(Collected data entries)
========================================

Lemma reach_incl B B' a b : subset B B' -> reach B R a b -> reach B' R a b.
Proof.
  intros sub [Ba h]; split; [exact (sub a Ba) |]; clear Ba.
  induction h as [x y [Bx [By Rxy]] | x | x y z _ IH1 _ IH2].
  - apply rt_step; exact (conj (sub x Bx) (conj (sub y By) Rxy)).
  - apply rt_refl.
  - exact (rt_trans _ _ _ _ _ IH1 IH2).
Qed.

Lemma scc_in B a x : scc B R a x -> B x.
Proof. intros [h _]; exact (reach_target _ _ _ h). Qed.

Lemma scc_self B a x : scc B R a x -> scc B R a a.
Proof. intros [[Ba _] _]; split; apply reach_refl; exact Ba. Qed.

Lemma scc_sym B a x : scc B R a x -> scc B R x a.
Proof. intros [h1 h2]; split; assumption. Qed.

Lemma scc_trans B a x y : scc B R a x -> scc B R x y -> scc B R a y.
Proof. intros [h1 h2] [h3 h4]; split; eapply reach_trans; eassumption. Qed.

Lemma scc_incl B B' a : subset B B' -> subset (scc B R a) (scc B' R a).
Proof. intros sub x [h1 h2]; split; eapply reach_incl; eassumption. Qed.

Lemma scc_path B a u v :
  scc B R a u -> scc B R a v -> clos_refl_trans A (edge B R) u v ->
  clos_refl_trans A (edge (scc B R a) R) u v.
Proof.
  intros hu hv h; revert hu hv.
  induction h as [x y [_ [_ Rxy]] | x | x y z hxy IH1 hyz IH2]; intros hx hz.
  - apply rt_step; exact (conj hx (conj hz Rxy)).
  - apply rt_refl.
  - assert (rxy : reach B R x y) by (split; [exact (scc_in _ _ _ hx) | exact hxy]).
    assert (ryz : reach B R y z) by (split; [exact (reach_target _ _ _ rxy) | exact hyz]).
    assert (hy : scc B R a y)
      by (split; [exact (reach_trans _ _ _ _ (proj1 hx) rxy)
                 | exact (reach_trans _ _ _ _ ryz (proj2 hz))]).
    exact (rt_trans _ _ _ _ _ (IH1 hx hy) (IH2 hy hz)).
Qed.

Lemma scc_largest B B' a : subset (scc B R a) B' -> subset (scc B R a) (scc B' R a).
Proof.
  intros sub x hx.
  assert (ha := scc_self _ _ _ hx).
  apply (scc_incl (scc B R a) B' a sub).
  pose proof hx as [[_ pax] [_ pxa]].
  split; split; try assumption; apply scc_path; assumption.
Qed.

End Reachability.

Section Delta.
Context {A : Type} (R : A -> A -> Prop) (S : aset A).

Lemma DeltaOp_mono (D D' : aset A) : subset D D' -> subset (DeltaOp R S D) (DeltaOp R S D').
Proof.
  intros sub x [b [Sb [Rbx nr]]]. exists b; split; [exact Sb | split; [exact Rbx |]].
  intro r; apply nr. eapply reach_incl; [| exact r].
  intros y nD' Dy; exact (nD' (sub y Dy)).
Qed.

Lemma Delta_prefixed : subset (DeltaOp R S (Delta R S)) (Delta R S).
Proof.
  intros x hx D hD. apply hD.
  eapply DeltaOp_mono; [| exact hx]. intros y hy; exact (hy D hD).
Qed.

Lemma conflict_free_not_Delta x : conflict_free R S -> S x -> ~ Delta R S x.
Proof.
  intros cf Sx hx.
  destruct (hx (fun y => exists b, S b /\ R b y)) as [b [Sb Rbx]].
  - intros y [b [Sb [Rby _]]]; exists b; split; assumption.
  - exact (cf b x Sb Sx Rbx).
Qed.

Lemma S_attacker_in_scc a y b :
  scc (FminusDelta R S) R a y -> S b -> R b y -> scc (FminusDelta R S) R a b.
Proof.
  intros hy Sb Rby.
  assert (ny : ~ Delta R S y) by exact (scc_in _ _ _ _ hy).
  assert (yb : reach (FminusDelta R S) R y b).
  { apply NNPP; intro nr. apply ny, Delta_prefixed.
    exists b; split; [exact Sb | split; assumption]. }
  apply (scc_trans _ _ _ _ _ hy); split; [exact yb |].
  apply reach_edge; [exact (reach_target _ _ _ _ yb) | exact ny | exact Rby].
Qed.

Lemma cstep_fixpoint_not_Delta a X x :
  set_eq (cstep R S a X) X -> Delta R S x -> ~ X x.
Proof.
  intros hfix hx. apply (hx (fun y => ~ X y)).
  intros y [b [Sb [Rby nr]]] Xy. apply nr.
  pose proof (proj2 (hfix y) Xy) as hy.
  assert (Xb : X b).
  { apply NNPP; intro nXb. apply (proj2 (scc_in _ _ _ _ hy)).
    split; [exact Xy | exists b; repeat split; assumption]. }
  pose proof (proj2 (hfix b) Xb) as hb.
  eapply reach_incl; [| exact (reach_trans _ _ _ _ _ (proj2 hy) (proj1 hb))].
  intros z [Xz _] nXz; exact (nXz Xz).
Qed.

Lemma cstep_fixpoint_sub_scc a X :
  set_eq (cstep R S a X) X -> subset X (scc (FminusDelta R S) R a).
Proof.
  intros hfix x Xx. apply (scc_incl _ (fun y => X y /\ ~ Dset R S X y)).
  - intros y [Xy _] hy. exact (cstep_fixpoint_not_Delta a X y hfix hy Xy).
  - exact (proj2 (hfix x) Xx).
Qed.

End Delta.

========================================

Could you return the complete set of entries exactly?

Lemma reach_incl B B' a b : subset B B' -> reach B R a b -> reach B' R a b.
Proof.
  intros sub [Ba h]; split; [exact (sub a Ba) |]; clear Ba.
  induction h as [x y [Bx [By Rxy]] | x | x y z _ IH1 _ IH2].
  - apply rt_step; exact (conj (sub x Bx) (conj (sub y By) Rxy)).
  - apply rt_refl.
  - exact (rt_trans _ _ _ _ _ IH1 IH2).
Qed.

Lemma scc_in B a x : scc B R a x -> B x.
Proof. intros [h _]; exact (reach_target _ _ _ h). Qed.

Lemma scc_self B a x : scc B R a x -> scc B R a a.
Proof. intros [[Ba _] _]; split; apply reach_refl; exact Ba. Qed.

Lemma scc_sym B a x : scc B R a x -> scc B R x a.
Proof. intros [h1 h2]; split; assumption. Qed.

Lemma scc_trans B a x y : scc B R a x -> scc B R x y -> scc B R a y.
Proof. intros [h1 h2] [h3 h4]; split; eapply reach_trans; eassumption. Qed.

Lemma scc_incl B B' a : subset B B' -> subset (scc B R a) (scc B' R a).
Proof. intros sub x [h1 h2]; split; eapply reach_incl; eassumption. Qed.

Lemma scc_path B a u v :
  scc B R a u -> scc B R a v -> clos_refl_trans A (edge B R) u v ->
  clos_refl_trans A (edge (scc B R a) R) u v.
Proof.
  intros hu hv h; revert hu hv.
  induction h as [x y [_ [_ Rxy]] | x | x y z hxy IH1 hyz IH2]; intros hx hz.
  - apply rt_step; exact (conj hx (conj hz Rxy)).
  - apply rt_refl.
  - assert (rxy : reach B R x y) by (split; [exact (scc_in _ _ _ hx) | exact hxy]).
    assert (ryz : reach B R y z) by (split; [exact (reach_target _ _ _ rxy) | exact hyz]).
    assert (hy : scc B R a y)
      by (split; [exact (reach_trans _ _ _ _ (proj1 hx) rxy)
                 | exact (reach_trans _ _ _ _ ryz (proj2 hz))]).
    exact (rt_trans _ _ _ _ _ (IH1 hx hy) (IH2 hy hz)).
Qed.

Lemma scc_largest B B' a : subset (scc B R a) B' -> subset (scc B R a) (scc B' R a).
Proof.
  intros sub x hx.
  assert (ha := scc_self _ _ _ hx).
  apply (scc_incl (scc B R a) B' a sub).
  pose proof hx as [[_ pax] [_ pxa]].
  split; split; try assumption; apply scc_path; assumption.
Qed.

End Reachability.

Section Delta.
Context {A : Type} (R : A -> A -> Prop) (S : aset A).

Lemma DeltaOp_mono (D D' : aset A) : subset D D' -> subset (DeltaOp R S D) (DeltaOp R S D').
Proof.
  intros sub x [b [Sb [Rbx nr]]]. exists b; split; [exact Sb | split; [exact Rbx |]].
  intro r; apply nr. eapply reach_incl; [| exact r].
  intros y nD' Dy; exact (nD' (sub y Dy)).
Qed.

Lemma Delta_prefixed : subset (DeltaOp R S (Delta R S)) (Delta R S).
Proof.
  intros x hx D hD. apply hD.
  eapply DeltaOp_mono; [| exact hx]. intros y hy; exact (hy D hD).
Qed.

Lemma conflict_free_not_Delta x : conflict_free R S -> S x -> ~ Delta R S x.
Proof.
  intros cf Sx hx.
  destruct (hx (fun y => exists b, S b /\ R b y)) as [b [Sb Rbx]].
  - intros y [b [Sb [Rby _]]]; exists b; split; assumption.
  - exact (cf b x Sb Sx Rbx).
Qed.

Lemma S_attacker_in_scc a y b :
  scc (FminusDelta R S) R a y -> S b -> R b y -> scc (FminusDelta R S) R a b.
Proof.
  intros hy Sb Rby.
  assert (ny : ~ Delta R S y) by exact (scc_in _ _ _ _ hy).
  assert (yb : reach (FminusDelta R S) R y b).
  { apply NNPP; intro nr. apply ny, Delta_prefixed.
    exists b; split; [exact Sb | split; assumption]. }
  apply (scc_trans _ _ _ _ _ hy); split; [exact yb |].
  apply reach_edge; [exact (reach_target _ _ _ _ yb) | exact ny | exact Rby].
Qed.

Lemma cstep_fixpoint_not_Delta a X x :
  set_eq (cstep R S a X) X -> Delta R S x -> ~ X x.
Proof.
  intros hfix hx. apply (hx (fun y => ~ X y)).
  intros y [b [Sb [Rby nr]]] Xy. apply nr.
  pose proof (proj2 (hfix y) Xy) as hy.
  assert (Xb : X b).
  { apply NNPP; intro nXb. apply (proj2 (scc_in _ _ _ _ hy)).
    split; [exact Xy | exists b; repeat split; assumption]. }
  pose proof (proj2 (hfix b) Xb) as hb.
  eapply reach_incl; [| exact (reach_trans _ _ _ _ _ (proj2 hy) (proj1 hb))].
  intros z [Xz _] nXz; exact (nXz Xz).
Qed.

Lemma cstep_fixpoint_sub_scc a X :
  set_eq (cstep R S a X) X -> subset X (scc (FminusDelta R S) R a).
Proof.
  intros hfix x Xx. apply (scc_incl _ (fun y => X y /\ ~ Dset R S X y)).
  - intros y [Xy _] hy. exact (cstep_fixpoint_not_Delta a X y hfix hy Xy).
  - exact (proj2 (hfix x) Xx).
Qed.

End Delta.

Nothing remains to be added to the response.